Semantic Enrichment of XML Schema to Transform Association Relationships in ODL Schema ()
1. Introduction
Extensible Markup Language, a met language that allows users to define their own customized markup languages, is characterized by its flexibility and extensibility. Due to all its qualities, it’s considered as hot topic for describing and interchanging data through internet between different systems.
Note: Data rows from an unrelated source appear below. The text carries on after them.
(* Let $\gamma<1$, $\gamma\neq 0$. The following two conditions are equivalent. (A) For all $\gamma'\in(\gamma,1)$, $$\lim_{x\uparrow\infty}\frac{u_0'(x)}{x^{\gamma'-1}}=0,$$ and for all $\gamma''<\gamma$, $$\lim_{x\uparrow\infty}\frac{u_0'(x)}{x^{\gamma''-1}}=\infty.$$ (B) $u_0'$ varies regularly at infinity with exponent $\gamma-1$, i.e. for all $k>0$, $$\lim_{x\uparrow\infty}\frac{u_0'(kx)}{u_0'(x)}=k^{\gamma-1}.$$
   Context: Let $\mu$ be a nonzero finite positive Borel measure on $(0,\infty)$ such that $\int y e^{yz}\mu(dy)<\infty$ for every $z\in\mathbb{R}$. Define $h(z,t):=\int e^{yz-\frac12 y^2 t}\mu(dy)$ for $(z,t)\in\mathbb{R}\times[0,\infty)$. Let $u:(0,\infty)\times[0,\infty)\to\mathbb{R}$ be smooth, strictly increasing and strictly concave in $x$, solving $u_t=\frac12 u_x^2/u_{xx}$, and related to $h$ by $u_x(h(z,t),t)=e^{-z+t/2}$ for all $(z,t)$. Write $u_0(x):=u(x,0)$; its derivative $u_0'$ is positive. *)

From HB Require Import structures.
From mathcomp Require Import all_boot all_order all_algebra.
From mathcomp Require Import all_classical all_reals all_analysis.
Set Implicit Arguments. Unset Strict Implicit. Unset Printing Implicit Defensive.
Import Order.TTheory GRing.Theory Num.Theory.
Import numFieldNormedType.Exports.
Local Open Scope classical_set_scope.
Local Open Scope ring_scope.

Definition hfun {R : realType} (mu : {measure set R -> \bar R}) (z t : R) : R :=
  fine (\int[mu]_(y in `]0%R, +oo[) (expR (y * z - y ^+ 2 * t / 2))%:E)%E.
The migration of database appears today very interesting and promotes organizations to move towards new technology. Since information is valuable resources for organizations, the mapping process must be submitted before any shift to a new technology [1] . Furthermore, the characteristics of the XML Schema standard [W3C, 2008] are supported by the standard ODMG 3.0 [2] , and query languages are more powerful, which encourage to attempt to migrate existing database into new environment.
Database migration is a process wherein all the components of a source database are converted to their equivalents in the environment of the target one.
ODL is designed to support semantic constructs of ODMG object model. It is used to define the pattern of a compatible ODMG database independently of any programming language.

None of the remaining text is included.